Must non-Dutch resident taxpayers from different Member States be treated equally for tax purposes or, is the Netherlands allowed, for example, to treat residents of one Member State more favorably than residents of another Member State? This concept is commonly known as the “most-favored nation principle. Differences in treatment may be observed, for example, with respect to withholding tax rates or tax credits, which may vary from one tax treaty to another.

In 2003, the ’s-Hertogenbosch Court of Appeals requested that the European Court of Justice (“ECJ”) issue a preliminary ruling about this principle in what is known as the D case. In that case, a German resident (“Mr. D.”) had invested some 10% of his assets in real estate located in the Netherlands. When he was sent the 1998 net wealth tax assessment, he was denied the right to deduct a tax-free threshold, since non-Dutch resident taxpayers were only entitled to apply this threshold if they had invested 90% or more of their assets in the Netherlands. Mr. D. believed he had been discriminated against in comparison to Belgian residents because, under the tax treaty concluded between the Netherlands and Belgium, Belgian residents were entitled to a tax-free threshold, even if less than 90% of their assets were invested in Dutch real estate.

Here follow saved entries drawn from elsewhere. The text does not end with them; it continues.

Lemma sym_mx_eigenbasis (R : realFieldType) n (A : 'M[R]_n) s : A^T = A ->
  char_poly A = \prod_(x <- s) ('X - x%:P) ->
  exists2 P : 'M[R]_n, P \in unitmx & P *m A = diag_mx (\row_i s`_i) *m P.
Proof.
case: n A => [|n] A A_sym charA.
  by exists 1%:M; [exact: unitmx1 | rewrite [LHS]flatmx0 [RHS]flatmx0].
have [P P_unit] := sym_mx_diagonalizable A_sym charA.
move=> /(similar_diagLR P_unit)[D]; rewrite conjVmx // => A_def.
have PA : P *m A = diag_mx D *m P by rewrite A_def !mulmxA mulmxV // mul1mx.
have /tuple_permP[p s_def] : perm_eq s [tuple D 0 i | i < n.+1].
  apply: prod_XsubC_eq; rewrite -charA A_def char_poly_conj //.
  rewrite char_poly_trig ?diag_mx_is_trig //= big_map big_enum /=.
  by apply: eq_bigr => i _; rewrite mxE eqxx mulr1n.
exists (row_perm p P); first by rewrite row_permE unitmx_mul unitmx_perm.
have -> : row_perm p P *m A = row_perm p (diag_mx D *m P).
  by rewrite !row_permE -mulmxA PA.
apply/matrixP => i j; rewrite !mul_diag_mx !mxE.
by rewrite s_def nth_mktuple tnth_mktuple.
Qed.

Section QuadraticForms.
Variable R : rcfType.

Lemma quad_formE m (c : 'rV[R]_m) (X : 'M[R]_m) :
  (c *m X *m c^T) 0 0 = \sum_i \sum_j c 0 i * X i j * c 0 j.
Proof.
rewrite mxE exchange_big /=; apply: eq_bigr => j _.
by rewrite !mxE mulr_suml.
Qed.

The ’s-Hertogenbosch Court of Appeals shared Mr. D’s view, and submittedquestions to the ECJ for a preliminary ruling. The ECJ, however, dismissed Mr. D’s claim to most-favored nation treatment because, in its opinion, a tax treaty forms a set of reciprocal rights and obligations that apply only to residents of one of the two contracting states. It follows from this that, with respect to net wealth tax on real estate located in the Netherlands, a taxpayer resident in Belgium is not in the same situation as a taxpayer resident outside of Belgium. Entitlements granted under the treaty concluded between Belgium and the Netherlands may not be separated from the remainder of the treaty, but form an integral part of it and contribute to its overall balance.